**What you have to do**
Pull out of the data below the stretch of lines bounded by the one containing "Lemma Xg_Aint : Xg \in Aint." and the one containing "move=> BQ BsA.", both bounds included, unchanged.

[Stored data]
★ ★ ★
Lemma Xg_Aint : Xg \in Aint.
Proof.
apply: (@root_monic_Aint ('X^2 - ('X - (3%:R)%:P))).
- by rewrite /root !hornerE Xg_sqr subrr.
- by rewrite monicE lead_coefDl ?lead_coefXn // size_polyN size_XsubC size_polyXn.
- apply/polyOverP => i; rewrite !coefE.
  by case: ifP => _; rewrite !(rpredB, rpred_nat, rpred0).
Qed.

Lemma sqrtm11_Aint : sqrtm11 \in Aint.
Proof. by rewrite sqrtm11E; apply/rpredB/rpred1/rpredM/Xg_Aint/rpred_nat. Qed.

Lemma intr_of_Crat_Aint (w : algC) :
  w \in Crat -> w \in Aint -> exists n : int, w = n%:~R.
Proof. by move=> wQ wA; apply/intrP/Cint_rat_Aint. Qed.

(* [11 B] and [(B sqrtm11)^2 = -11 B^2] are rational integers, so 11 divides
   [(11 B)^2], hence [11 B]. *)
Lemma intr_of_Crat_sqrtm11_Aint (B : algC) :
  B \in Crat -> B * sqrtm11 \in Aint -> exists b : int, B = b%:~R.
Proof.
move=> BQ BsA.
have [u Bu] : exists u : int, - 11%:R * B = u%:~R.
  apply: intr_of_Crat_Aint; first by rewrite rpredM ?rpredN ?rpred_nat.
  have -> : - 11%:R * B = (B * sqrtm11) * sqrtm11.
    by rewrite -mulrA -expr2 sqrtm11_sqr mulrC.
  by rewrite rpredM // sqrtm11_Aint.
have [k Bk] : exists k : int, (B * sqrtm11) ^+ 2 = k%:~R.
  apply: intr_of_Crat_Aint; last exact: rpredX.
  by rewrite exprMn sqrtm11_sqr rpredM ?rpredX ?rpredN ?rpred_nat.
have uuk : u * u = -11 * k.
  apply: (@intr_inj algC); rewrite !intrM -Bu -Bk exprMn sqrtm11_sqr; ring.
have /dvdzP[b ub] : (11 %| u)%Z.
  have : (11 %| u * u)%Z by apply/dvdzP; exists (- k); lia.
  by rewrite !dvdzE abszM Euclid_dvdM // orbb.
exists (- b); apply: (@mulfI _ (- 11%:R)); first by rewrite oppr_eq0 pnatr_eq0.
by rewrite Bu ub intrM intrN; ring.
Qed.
★ ★ ★
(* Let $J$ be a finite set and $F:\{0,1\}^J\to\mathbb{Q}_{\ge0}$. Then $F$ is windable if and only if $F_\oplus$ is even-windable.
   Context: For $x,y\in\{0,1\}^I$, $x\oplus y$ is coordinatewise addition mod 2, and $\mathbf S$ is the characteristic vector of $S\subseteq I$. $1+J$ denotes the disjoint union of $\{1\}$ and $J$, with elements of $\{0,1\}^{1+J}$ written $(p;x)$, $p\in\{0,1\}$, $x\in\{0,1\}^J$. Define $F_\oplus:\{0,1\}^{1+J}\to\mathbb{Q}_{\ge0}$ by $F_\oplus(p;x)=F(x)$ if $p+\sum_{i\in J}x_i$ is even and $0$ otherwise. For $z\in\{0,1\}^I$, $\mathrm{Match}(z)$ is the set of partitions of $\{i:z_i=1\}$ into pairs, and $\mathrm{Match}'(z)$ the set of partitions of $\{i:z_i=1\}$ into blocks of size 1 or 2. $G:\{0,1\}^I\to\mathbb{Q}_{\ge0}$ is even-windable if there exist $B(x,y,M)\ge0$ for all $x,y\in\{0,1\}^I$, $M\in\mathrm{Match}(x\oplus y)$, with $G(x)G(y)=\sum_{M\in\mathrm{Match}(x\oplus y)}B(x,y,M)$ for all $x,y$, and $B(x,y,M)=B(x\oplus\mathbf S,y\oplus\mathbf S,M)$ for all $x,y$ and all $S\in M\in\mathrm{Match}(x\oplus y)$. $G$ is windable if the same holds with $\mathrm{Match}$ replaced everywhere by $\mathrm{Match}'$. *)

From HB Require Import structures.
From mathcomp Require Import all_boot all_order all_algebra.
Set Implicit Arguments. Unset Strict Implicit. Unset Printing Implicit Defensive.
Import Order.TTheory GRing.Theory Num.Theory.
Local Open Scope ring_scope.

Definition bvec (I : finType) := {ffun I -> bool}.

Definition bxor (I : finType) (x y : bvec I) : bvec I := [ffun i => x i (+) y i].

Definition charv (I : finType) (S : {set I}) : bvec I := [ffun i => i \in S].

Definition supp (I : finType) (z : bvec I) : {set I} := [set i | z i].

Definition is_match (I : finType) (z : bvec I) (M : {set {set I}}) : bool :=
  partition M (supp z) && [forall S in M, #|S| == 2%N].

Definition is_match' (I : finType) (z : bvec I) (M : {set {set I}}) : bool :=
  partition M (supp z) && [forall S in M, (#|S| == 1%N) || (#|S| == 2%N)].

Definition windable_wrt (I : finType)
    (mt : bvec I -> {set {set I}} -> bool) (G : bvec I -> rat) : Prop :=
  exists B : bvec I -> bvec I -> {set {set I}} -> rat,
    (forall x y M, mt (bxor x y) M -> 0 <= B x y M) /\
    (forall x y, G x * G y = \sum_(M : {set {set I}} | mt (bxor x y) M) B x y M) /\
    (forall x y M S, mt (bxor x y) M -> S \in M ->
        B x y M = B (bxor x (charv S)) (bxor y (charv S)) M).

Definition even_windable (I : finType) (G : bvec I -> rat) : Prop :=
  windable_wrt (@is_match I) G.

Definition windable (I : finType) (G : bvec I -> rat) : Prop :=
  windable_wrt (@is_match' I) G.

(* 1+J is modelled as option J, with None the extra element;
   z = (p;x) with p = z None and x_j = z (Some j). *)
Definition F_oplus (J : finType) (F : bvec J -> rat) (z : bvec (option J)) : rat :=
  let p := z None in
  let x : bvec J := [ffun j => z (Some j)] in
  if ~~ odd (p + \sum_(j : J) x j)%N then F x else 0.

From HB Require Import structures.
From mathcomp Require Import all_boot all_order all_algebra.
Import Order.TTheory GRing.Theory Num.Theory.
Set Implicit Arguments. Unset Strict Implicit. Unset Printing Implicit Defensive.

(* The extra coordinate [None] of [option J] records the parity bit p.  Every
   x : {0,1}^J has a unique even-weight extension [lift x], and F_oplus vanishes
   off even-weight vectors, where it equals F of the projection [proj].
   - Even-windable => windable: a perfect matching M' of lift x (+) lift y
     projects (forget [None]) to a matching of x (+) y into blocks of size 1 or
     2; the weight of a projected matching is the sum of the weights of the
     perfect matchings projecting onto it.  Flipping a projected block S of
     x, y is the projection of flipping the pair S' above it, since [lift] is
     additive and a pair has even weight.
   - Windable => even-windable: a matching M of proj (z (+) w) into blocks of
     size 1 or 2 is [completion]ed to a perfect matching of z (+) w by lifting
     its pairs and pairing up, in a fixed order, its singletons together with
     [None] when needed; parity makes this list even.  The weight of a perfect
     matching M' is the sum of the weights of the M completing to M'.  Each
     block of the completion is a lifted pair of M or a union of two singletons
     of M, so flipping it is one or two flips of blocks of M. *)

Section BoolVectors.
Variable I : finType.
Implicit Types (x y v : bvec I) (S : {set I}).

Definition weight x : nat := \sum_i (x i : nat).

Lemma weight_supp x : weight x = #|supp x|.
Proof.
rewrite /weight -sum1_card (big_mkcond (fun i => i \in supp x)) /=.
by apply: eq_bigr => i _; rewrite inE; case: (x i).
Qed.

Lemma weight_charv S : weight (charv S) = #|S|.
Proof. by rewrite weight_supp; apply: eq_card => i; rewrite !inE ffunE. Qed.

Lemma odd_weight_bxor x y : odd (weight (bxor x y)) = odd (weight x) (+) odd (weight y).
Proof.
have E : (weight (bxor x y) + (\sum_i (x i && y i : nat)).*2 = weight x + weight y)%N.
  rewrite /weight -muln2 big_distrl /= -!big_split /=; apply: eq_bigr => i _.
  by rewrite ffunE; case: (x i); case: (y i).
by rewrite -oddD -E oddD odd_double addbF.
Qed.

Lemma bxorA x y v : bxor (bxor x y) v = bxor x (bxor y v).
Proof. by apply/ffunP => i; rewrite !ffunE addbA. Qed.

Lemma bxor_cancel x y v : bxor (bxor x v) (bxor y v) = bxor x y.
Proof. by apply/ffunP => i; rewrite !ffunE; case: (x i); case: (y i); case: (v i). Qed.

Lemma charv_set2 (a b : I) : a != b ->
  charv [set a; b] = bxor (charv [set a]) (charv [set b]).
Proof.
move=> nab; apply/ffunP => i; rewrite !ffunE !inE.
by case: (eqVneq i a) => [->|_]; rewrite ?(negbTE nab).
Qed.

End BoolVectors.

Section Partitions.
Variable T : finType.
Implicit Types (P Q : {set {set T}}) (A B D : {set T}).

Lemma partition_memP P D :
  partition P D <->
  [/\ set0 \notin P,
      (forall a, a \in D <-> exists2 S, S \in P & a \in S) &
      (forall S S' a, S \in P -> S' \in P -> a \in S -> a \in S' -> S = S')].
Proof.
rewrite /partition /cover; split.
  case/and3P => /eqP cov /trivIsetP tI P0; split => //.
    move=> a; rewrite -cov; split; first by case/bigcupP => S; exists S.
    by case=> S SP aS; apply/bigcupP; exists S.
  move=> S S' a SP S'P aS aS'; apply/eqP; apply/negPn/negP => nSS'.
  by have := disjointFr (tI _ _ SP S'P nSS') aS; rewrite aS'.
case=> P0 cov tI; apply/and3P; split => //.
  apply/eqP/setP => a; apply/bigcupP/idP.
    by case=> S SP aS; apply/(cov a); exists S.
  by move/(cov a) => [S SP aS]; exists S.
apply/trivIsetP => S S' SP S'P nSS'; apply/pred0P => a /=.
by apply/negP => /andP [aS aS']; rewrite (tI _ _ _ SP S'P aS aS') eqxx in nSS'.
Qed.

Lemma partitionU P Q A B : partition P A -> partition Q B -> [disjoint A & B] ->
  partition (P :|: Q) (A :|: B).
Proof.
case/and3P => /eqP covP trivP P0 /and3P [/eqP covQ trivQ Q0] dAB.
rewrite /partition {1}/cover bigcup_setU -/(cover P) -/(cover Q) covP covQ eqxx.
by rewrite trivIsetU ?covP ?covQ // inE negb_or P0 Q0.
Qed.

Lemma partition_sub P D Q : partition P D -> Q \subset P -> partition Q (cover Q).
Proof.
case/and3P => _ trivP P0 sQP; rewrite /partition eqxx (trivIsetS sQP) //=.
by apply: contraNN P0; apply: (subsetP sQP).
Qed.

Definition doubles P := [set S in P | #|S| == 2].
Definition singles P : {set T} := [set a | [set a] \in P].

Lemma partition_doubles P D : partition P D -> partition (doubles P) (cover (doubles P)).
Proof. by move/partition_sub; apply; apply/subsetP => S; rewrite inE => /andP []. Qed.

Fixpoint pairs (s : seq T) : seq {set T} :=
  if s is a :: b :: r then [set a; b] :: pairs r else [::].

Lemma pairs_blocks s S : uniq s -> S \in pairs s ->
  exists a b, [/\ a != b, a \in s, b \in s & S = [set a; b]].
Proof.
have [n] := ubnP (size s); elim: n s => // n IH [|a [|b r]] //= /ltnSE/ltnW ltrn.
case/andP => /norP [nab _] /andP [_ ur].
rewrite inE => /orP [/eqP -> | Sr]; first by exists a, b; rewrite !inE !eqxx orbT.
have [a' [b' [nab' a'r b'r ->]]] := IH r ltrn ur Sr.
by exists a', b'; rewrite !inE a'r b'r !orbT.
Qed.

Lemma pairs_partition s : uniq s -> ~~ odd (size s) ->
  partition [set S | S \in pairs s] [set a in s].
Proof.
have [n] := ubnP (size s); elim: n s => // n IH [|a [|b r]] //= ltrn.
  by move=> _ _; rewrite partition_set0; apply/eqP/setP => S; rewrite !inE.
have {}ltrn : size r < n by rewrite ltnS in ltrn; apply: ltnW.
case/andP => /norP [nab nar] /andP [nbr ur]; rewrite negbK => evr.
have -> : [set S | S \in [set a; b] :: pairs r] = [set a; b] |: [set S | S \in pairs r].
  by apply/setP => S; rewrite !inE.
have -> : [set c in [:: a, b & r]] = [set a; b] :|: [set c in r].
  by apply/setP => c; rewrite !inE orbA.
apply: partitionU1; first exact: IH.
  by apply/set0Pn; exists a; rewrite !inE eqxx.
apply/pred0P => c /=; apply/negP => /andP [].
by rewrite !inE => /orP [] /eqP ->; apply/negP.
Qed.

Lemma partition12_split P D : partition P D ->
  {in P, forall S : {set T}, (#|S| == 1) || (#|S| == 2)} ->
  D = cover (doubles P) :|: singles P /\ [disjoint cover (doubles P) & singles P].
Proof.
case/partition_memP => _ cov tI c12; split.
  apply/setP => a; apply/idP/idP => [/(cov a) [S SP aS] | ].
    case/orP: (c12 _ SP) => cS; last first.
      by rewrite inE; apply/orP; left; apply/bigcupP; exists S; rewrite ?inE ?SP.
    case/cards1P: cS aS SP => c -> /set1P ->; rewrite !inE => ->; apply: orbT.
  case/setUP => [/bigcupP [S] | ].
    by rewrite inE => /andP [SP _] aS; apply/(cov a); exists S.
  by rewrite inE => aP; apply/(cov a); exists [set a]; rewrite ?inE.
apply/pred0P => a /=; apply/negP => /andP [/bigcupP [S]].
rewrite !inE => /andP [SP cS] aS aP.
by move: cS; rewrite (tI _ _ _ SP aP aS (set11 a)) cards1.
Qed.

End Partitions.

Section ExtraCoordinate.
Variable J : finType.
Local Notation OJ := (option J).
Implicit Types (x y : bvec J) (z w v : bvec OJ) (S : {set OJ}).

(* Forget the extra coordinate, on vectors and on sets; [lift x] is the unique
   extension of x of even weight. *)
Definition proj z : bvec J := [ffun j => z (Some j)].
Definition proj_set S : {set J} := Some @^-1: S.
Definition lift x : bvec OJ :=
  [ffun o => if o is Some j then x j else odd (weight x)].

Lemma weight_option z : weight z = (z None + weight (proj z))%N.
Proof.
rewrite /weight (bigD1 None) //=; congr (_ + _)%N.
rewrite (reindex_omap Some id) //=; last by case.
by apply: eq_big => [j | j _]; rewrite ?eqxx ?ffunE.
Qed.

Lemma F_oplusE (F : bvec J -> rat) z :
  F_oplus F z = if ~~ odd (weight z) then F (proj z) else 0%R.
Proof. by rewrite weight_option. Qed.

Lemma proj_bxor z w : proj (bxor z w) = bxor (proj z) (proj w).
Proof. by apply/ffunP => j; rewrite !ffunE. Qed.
★ ★ ★
**Exercise answer**
Lemma Xg_Aint : Xg \in Aint.
Proof.
apply: (@root_monic_Aint ('X^2 - ('X - (3%:R)%:P))).
- by rewrite /root !hornerE Xg_sqr subrr.
- by rewrite monicE lead_coefDl ?lead_coefXn // size_polyN size_XsubC size_polyXn.
- apply/polyOverP => i; rewrite !coefE.
  by case: ifP => _; rewrite !(rpredB, rpred_nat, rpred0).
Qed.

Lemma sqrtm11_Aint : sqrtm11 \in Aint.
Proof. by rewrite sqrtm11E; apply/rpredB/rpred1/rpredM/Xg_Aint/rpred_nat. Qed.

Lemma intr_of_Crat_Aint (w : algC) :
  w \in Crat -> w \in Aint -> exists n : int, w = n%:~R.
Proof. by move=> wQ wA; apply/intrP/Cint_rat_Aint. Qed.

(* [11 B] and [(B sqrtm11)^2 = -11 B^2] are rational integers, so 11 divides
   [(11 B)^2], hence [11 B]. *)
Lemma intr_of_Crat_sqrtm11_Aint (B : algC) :
  B \in Crat -> B * sqrtm11 \in Aint -> exists b : int, B = b%:~R.
Proof.
move=> BQ BsA.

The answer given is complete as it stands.